11 réflexions au sujet de « Qu’est-ce qu’accepter ? »

    1. Renaud Perronnet Auteur de l’article

      En apparence oui, mais je vous invite à aller plus loin Marie-France.
      Qu’est-ce que l’espérance sinon l’espérance que les choses se passent telles que nous en avons le désir ?
      N’avez-vous pas remarqué que les choses ne se déroulent presque jamais de cette manière ? N’avez-vous pas remarqué que comme le disait le Maître zen Dogen : « Même si on aime les fleurs, elles fanent ; même si on n’aime pas les mauvaises herbes, elles poussent. » ?

      Il n’y a pas de place pour l’espoir parce que l’espoir mène à l’attente qui est le véritable problème car elle mène à la déception et à la frustration.
      Le tragique de la vie, ce sont les espoirs déçus.
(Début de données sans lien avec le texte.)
Lemma exists_large_dft : (0 < N)%N -> (forall n, cmod (x n) = 1) ->
  exists j : nat, (N%:R : R) <= cmod (dft j) ^+ 2.
Proof.
move=> N_gt0 x_unit.
have [[j Hj]|small] := pselect (exists j : 'I_N, (N%:R : R) <= cmod (dft j) ^+ 2).
  by exists j.
have : \sum_(j < N) cmod (dft j) ^+ 2 < \sum_(j < N) (N%:R : R).
  apply: ltr_sum; first by apply/hasP; exists (Ordinal N_gt0); rewrite ?mem_index_enum.
  by move=> j _; rewrite ltNge; apply/negP => Hj; apply: small; exists j.
rewrite parseval_dft; under eq_bigr do rewrite x_unit expr1n.
by rewrite !sumr_const card_ord mulr_natr ltxx.
Qed.

End DiscreteFourier.

Section ExponentialSums.
Context {R : realType}.
Implicit Types (f : nat -> R[i]) (p : {poly R}).

Definition expsum f (M N : nat) p : R[i] := \sum_(n < N) f (n + M)%N * e p.[n%:R].

Definition poly_shift p (s : R) : {poly R} := p \Po ('X + s%:P).

Lemma horner_shift p s x : (poly_shift p s).[x] = p.[x + s].
Proof. by rewrite /poly_shift horner_comp hornerD hornerX hornerC. Qed.

Lemma size_shift p s : size (poly_shift p s) = size p.
Proof. by rewrite /poly_shift size_comp_poly2 // size_XaddC. Qed.

Lemma poly_shiftK s : cancel (poly_shift^~ s) (poly_shift^~ (- s)).
Proof. by move=> p; rewrite /poly_shift polyCN comp_polyXaddC_K. Qed.

Lemma cmod_avg_sum f M N p :
  cmod (avg_sum f M N p) = N%:R^-1 * cmod (expsum f M N p).
Proof.
rewrite /avg_sum cmodM; congr (_ * _).
by rewrite -(rmorph_nat (real_complex R)) -fmorphV cmod_real // invr_ge0 ler0n.
Qed.

Lemma expsum_cat f M A B p :
  expsum f M (A + B) p = expsum f M A p + expsum f (M + A) B (poly_shift p A%:R).
Proof.
rewrite /expsum big_split_ord /=; congr (_ + _); apply: eq_bigr => n _.
by rewrite horner_shift -natrD [(M + A)%N]addnC addnA [(n + A)%N]addnC.
Qed.

Lemma cmod_expsum_le f M N p : unimodular f -> cmod (expsum f M N p) <= N%:R.
Proof.
move=> f_unit; apply: (le_trans (cmod_sum _ _ _ _)).
under eq_bigr do rewrite cmodM f_unit cmod_e mulr1.
by rewrite sumr_const card_ord.
Qed.

Lemma expsum_aligned_block (q : nat) f (a k : nat) p : q_multiplicative q f ->
  expsum f (a * q ^ k) (q ^ k) p = f (a * q ^ k)%N * expsum f 0 (q ^ k) p.
Proof.
move=> f_mult; rewrite /expsum mulr_sumr; apply: eq_bigr => n _.
by rewrite addn0 (f_mult k) ?dvdn_mull // mulrA [f n * _]mulrC.
Qed.

Lemma exists_large_linear_expsum f N : unimodular f -> (0 < N)%N ->
  exists2 p : {poly R}, (size p <= 2)%N & N%:R <= cmod (expsum f 0 N p) ^+ 2.
Proof.
move=> f_unit N_gt0.
have [j large] := exists_large_dft N (fun n => f (n + 0)%N) N_gt0 (fun n => f_unit _).
exists ((j%:R / N%:R) *: 'X); first by rewrite (leq_trans (size_scale_leq _ _)) ?size_polyX.
rewrite /expsum.
by under eq_bigr do rewrite hornerZ hornerX.
Qed.

End ExponentialSums.

Section RealPowers.
Context {R : realType}.
Implicit Types a s : R.

Lemma powR_natrX a s (k : nat) : 0 <= a -> (a `^ s) ^+ k = (a ^+ k) `^ s.
Proof.
move=> a_ge0; rewrite -(powR_mulrn _ (powR_ge0 _ _)) -(powR_mulrn _ a_ge0).
by rewrite -!powRrM mulrC.
Qed.

Lemma mulr_powRN a s : 0 < a -> a * a `^ (- s) = a `^ (1 - s).
Proof.
move=> a_gt0; rewrite powRD ?powRr1 ?ltW //.
by rewrite (gt_eqF a_gt0) implybT.
Qed.

Lemma natrX_powRN (q k : nat) s : ((q ^ k)%:R : R) `^ (- s) = q%:R `^ (- (s * k%:R)).
Proof. by rewrite natrX -powR_natrX // -powR_mulrn ?powR_ge0 // -powRrM mulNr. Qed.

Lemma powR_gt1 a s : 1 < a -> 0 < s -> 1 < a `^ s.
Proof.
move=> a_gt1 s_gt0; have := gt0_ltr_powR s_gt0 _ _ a_gt1; rewrite powR1; apply.
  by rewrite nnegrE ler01.
by rewrite nnegrE (le_trans ler01 (ltW a_gt1)).
Qed.

End RealPowers.

Section UpperBound.
Context {R : realType}.
Context {q d : nat} {f : nat -> R[i]} {C c : R}.
Hypotheses (q_gt1 : (1 < q)%N) (f_unit : unimodular f) (f_mult : q_multiplicative q f).
Hypotheses (C_ge0 : 0 <= C) (c_lt1 : c < 1).

Local Notation x := (q%:R `^ (1 - c) : R).

Hypothesis block_bound : forall (k : nat) (p : {poly R}), (size p <= d.+1)%N ->
  cmod (expsum f 0 (q ^ k) p) <= C * x ^+ k.

Let q_gt0 : (0 < q)%N. Proof. exact: ltnW. Qed.

Lemma growth_gt1 : 1 < x.
Proof. by rewrite powR_gt1 ?ltr1n // subr_gt0. Qed.

Lemma cmod_aligned_blocks (b a k : nat) (p : {poly R}) : (size p <= d.+1)%N ->
  cmod (expsum f (a * q ^ k) (b * q ^ k) p) <= b%:R * (C * x ^+ k).
Proof.
elim: b a p => [|b IHb] a p p_small; first by rewrite /expsum big_ord0 cmod0 mul0r.
rewrite mulSn expsum_cat -mulSnr mulrS mulrDl mul1r.
apply: (le_trans (cmodD _ _)); apply: lerD; last by rewrite IHb ?size_shift.
by rewrite expsum_aligned_block // cmodM f_unit mul1r block_bound.
Qed.

Local Notation E := (q%:R * C / (x - 1) + 1).

Lemma E_ge1 : 1 <= E.
Proof. by rewrite lerDr divr_ge0 ?mulr_ge0 // subr_ge0 ltW ?growth_gt1. Qed.

Lemma E_step : q%:R * C + E <= E * x.
Proof.
have x1_neq0 : x - 1 != 0 by rewrite subr_eq0 gt_eqF ?growth_gt1.
have -> : E * x = q%:R * C + E + (x - 1) by field.
by rewrite lerDl subr_ge0 ltW ?growth_gt1.
Qed.

Lemma cmod_aligned_le {k : nat} {B : R} :
  (forall (a r : nat) (p : {poly R}), (r <= q ^ k)%N -> (size p <= d.+1)%N ->
     cmod (expsum f (a * q ^ k) r p) <= B) ->
  forall (a s : nat) (p : {poly R}), (size p <= d.+1)%N ->
  cmod (expsum f (a * q ^ k) s p) <= (s %/ q ^ k)%:R * (C * x ^+ k) + B.
Proof.
move=> short_bound a s p p_small.
rewrite {1}(divn_eq s (q ^ k)) expsum_cat -mulnDl.
apply: (le_trans (cmodD _ _)); apply: lerD; first exact: cmod_aligned_blocks.
by rewrite short_bound ?size_shift // ltnW // ltn_pmod // expn_gt0 q_gt0.
Qed.

Lemma cmod_aligned_short (k a r : nat) (p : {poly R}) : (r <= q ^ k)%N ->
  (size p <= d.+1)%N -> cmod (expsum f (a * q ^ k) r p) <= E * x ^+ k.
Proof.
elim: k a r p => [|k IHk] a r p r_small p_small.
  rewrite expr0 mulr1 (le_trans (cmod_expsum_le _ _ _ _ f_unit)) //.
  by rewrite (le_trans _ E_ge1) ?lern1.
rewrite expnS mulnA; apply: (le_trans (cmod_aligned_le IHk (a * q) r p p_small)).
have digits : (r %/ q ^ k <= q)%N.
  by rewrite -[X in (_ <= X)%N](@mulnK q (q ^ k)) ?expn_gt0 ?q_gt0 // leq_div2r -?expnS.
apply: (@le_trans _ _ (q%:R * (C * x ^+ k) + E * x ^+ k)).
  by rewrite lerD2r ler_wpM2r ?mulr_ge0 ?ler_nat.
by rewrite mulrA -mulrDl exprS mulrA ler_wpM2r // E_step.
Qed.

Lemma cmod_expsum_bound (M N : nat) (p : {poly R}) : (0 < N)%N -> (size p <= d.+1)%N ->
  cmod (expsum f M N p) <= (q%:R * C + 2 * E) * x ^+ trunc_log q N.
Proof.
move=> N_gt0 p_small; have [QN NQ] := andP (trunc_log_bounds q_gt1 N_gt0).
set k := trunc_log q N in QN NQ *; set Q := (q ^ k)%N in QN NQ *.
have Q_gt0 : (0 < Q)%N by rewrite expn_gt0 q_gt0.
set a := (M %/ Q)%N; set r := (M %% Q)%N.
have r_lt : (r < Q)%N by rewrite ltn_pmod.
set p' := poly_shift p (- r%:R).
have p'_small : (size p' <= d.+1)%N by rewrite size_shift.
have -> : expsum f M N p = expsum f (a * Q) (r + N) p' - expsum f (a * Q) r p'.
  have shiftK : poly_shift p' r%:R = p by rewrite -[r%:R]opprK poly_shiftK.
  by rewrite expsum_cat addrAC subrr add0r -divn_eq shiftK.
have digits : ((r + N) %/ Q <= q)%N.
  rewrite -ltnS ltn_divLR // mulSn; rewrite expnS in NQ; lia.
apply: (le_trans (cmodD _ _)); rewrite cmodN.
have whole := cmod_aligned_le (cmod_aligned_short k) a (r + N) p' p'_small.
have rest := cmod_aligned_short k a r p' (ltnW r_lt) p'_small.
have : ((r + N) %/ Q)%:R * (C * x ^+ k) <= q%:R * (C * x ^+ k).
  by rewrite ler_wpM2r ?mulr_ge0 ?ler_nat.
lra.
Qed.

Lemma cmod_avg_sum_decay (M N : nat) (p : {poly R}) : (0 < N)%N -> (size p <= d.+1)%N ->
  cmod (avg_sum f M N p) <= (q%:R * C + 2 * E) * N%:R `^ (- c).
Proof.
move=> N_gt0 p_small; have N_pos : (0 : R) < N%:R by rewrite ltr0n.
have growth_le : x ^+ trunc_log q N <= N%:R `^ (1 - c).
  rewrite powR_natrX ?ler0n // ge0_ler_powR ?nnegrE ?exprn_ge0 ?subr_ge0 ?(ltW c_lt1) //.
  by rewrite -natrX ler_nat trunc_logP.
rewrite cmod_avg_sum -[N%:R `^ _](mulKf (lt0r_neq0 N_pos)) mulr_powRN // mulrCA.
rewrite ler_wpM2l ?invr_ge0 ?ler0n // (le_trans (cmod_expsum_bound M N p N_gt0 p_small)) //.
by rewrite ler_wpM2l // addr_ge0 ?mulr_ge0 // (le_trans ler01 E_ge1).
Qed.

End UpperBound.

Lemma expsum_block_decay {R : realType} {q d : nat} {f : nat -> R[i]} {C c : R} :
  (0 < q)%N ->
  (forall (L : nat) (p : {poly R}), (size p <= d.+1)%N ->
     cmod (avg_sum f 0 (q ^ L) p) <= C * q%:R `^ (- (c * L%:R))) ->
  forall (k : nat) (p : {poly R}), (size p <= d.+1)%N ->
  cmod (expsum f 0 (q ^ k) p) <= C * (q%:R `^ (1 - c)) ^+ k.
Proof.
move=> q_gt0 avg_decay k p p_small; have Q_pos : (0 : R) < (q ^ k)%N%:R.
  by rewrite ltr0n expn_gt0 q_gt0.
rewrite -[cmod _](mulVKf (lt0r_neq0 Q_pos)) -cmod_avg_sum powR_natrX ?ler0n //.
rewrite -natrX -mulr_powRN // natrX_powRN mulrCA ler_wpM2l ?ler0n //.
exact: avg_decay.
Qed.

Lemma decay_constant_ge0 {R : realType} {q d : nat} {f : nat -> R[i]} {C y : R} :
  (forall (k : nat) (p : {poly R}), (size p <= d.+1)%N ->
     cmod (expsum f 0 (q ^ k) p) <= C * y ^+ k) ->
  0 <= C.
Proof.
move=> decay; have := decay 0 0; rewrite size_poly0 expr0 mulr1 => /(_ isT).
exact: le_trans (cmod_ge0 _).
Qed.

Lemma decay_exponent_lt1 {R : realType} {q d : nat} {f : nat -> R[i]} {C c : R} :
  (1 < q)%N -> (1 <= d)%N -> unimodular f ->
  (forall (k : nat) (p : {poly R}), (size p <= d.+1)%N ->
     cmod (expsum f 0 (q ^ k) p) <= C * (q%:R `^ (1 - c)) ^+ k) ->
  c < 1.
Proof.
move=> q_gt1 d_ge1 f_unit decay; rewrite ltNge; apply/negP => c_ge1.
have C_ge0 := decay_constant_ge0 decay.
have bounded (k : nat) : ((q ^ k)%N%:R : R) <= C ^+ 2.
  have Q_gt0 : (0 < q ^ k)%N by rewrite expn_gt0 (ltnW q_gt1).
  have [p p_lin large] := exists_large_linear_expsum _ _ f_unit Q_gt0.
  have small : cmod (expsum f 0 (q ^ k) p) <= C.
    have p_small : (size p <= d.+1)%N by rewrite (leq_trans p_lin).
    apply: (le_trans (decay k p p_small)).
    rewrite ler_piMr // exprn_ile1 ?powR_ge0 //.
    by rewrite -[X in _ <= X](powRr0 q%:R) ler_powR ?ler1n ?(ltnW q_gt1) // subr_le0.
  apply: (le_trans large); rewrite lerXn2r ?nnegrE ?cmod_ge0 //.
have := archi_boundP (sqr_ge0 C); set n := Num.Def.archi_bound _ => C2_lt.
have := le_lt_trans (bounded n) C2_lt; rewrite ltr_nat ltnNge => /negP; apply.
exact: ltnW (ltn_expl n q_gt1).
Qed.

Theorem lemmaA1 (R : realType) (q d : nat) (f : nat -> R[i]) (c : R) :
  (2 <= q)%N -> (1 <= d)%N -> unimodular f -> q_multiplicative q f -> 0 < c ->
  (exists C : R, forall (L : nat) (p : {poly R}), (size p <= d.+1)%N ->
      cmod (avg_sum f 0 (q ^ L) p) <= C * (q%:R `^ (- (c * L%:R)))) <->
  (exists C : R, forall (M N : nat) (p : {poly R}), (1 <= N)%N -> (size p <= d.+1)%N ->
      cmod (avg_sum f M N p) <= C * (N%:R `^ (- c))).
Proof.
move=> q_gt1 d_ge1 f_unit f_mult _; split=> [[C avg_decay]|[C decay]].
  have block := expsum_block_decay (ltnW q_gt1) avg_decay.
  have C_ge0 := decay_constant_ge0 block.
  have c_lt1 := decay_exponent_lt1 q_gt1 d_ge1 f_unit block.
  eexists => M N p N_gt0 p_small.
  exact: cmod_avg_sum_decay q_gt1 f_unit f_mult C_ge0 c_lt1 block M N p N_gt0 p_small.
exists C => L p p_small; rewrite -natrX_powRN.
by apply: decay; rewrite // expn_gt0 (ltnW q_gt1).
Qed.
Swami Prajnanpad répétait : « En entretenant de faux espoirs on ne fait que nourrir la souffrance. »
      Observez le nombre de fois où vos faux espoirs ont été à l’origine de vos souffrances dans votre vie.

      Accepter les choses telles qu’elles sont ne doit donc pas être une résignation, mais l’acception joyeuse de la personne qui a compris qu’elle n’avait pas d’autre choix que celui d’accepter. Condition nécessaire à la poursuite de la vie : c’est bien parce que vous acceptez d’être tombée que vous pouvez trouver la force en vous-même de vous relever pour poursuivre votre route.
      Tant que vous maugréez sur le fait d’être tombée, vous vous perdez en entretenant votre souffrance et en perdant votre temps.
      C’est en acceptant que les choses se soient passées comme elles se sont passées que vous parviendrez, peu à peu, à vivre une vie davantage pleine et authentique. Vous n’aurez donc plus besoin de l’espoir qui – dans une vie insatisfaisante – est une compensation illusoire puisque les choses n’arrivent , en définitive jamais, comme nous l’aurions espéré.

      Pour aller plus loin lisez :
      Esquiver ou digérer
      Peut-on dire que la maladie nous rend service en nous alertant ?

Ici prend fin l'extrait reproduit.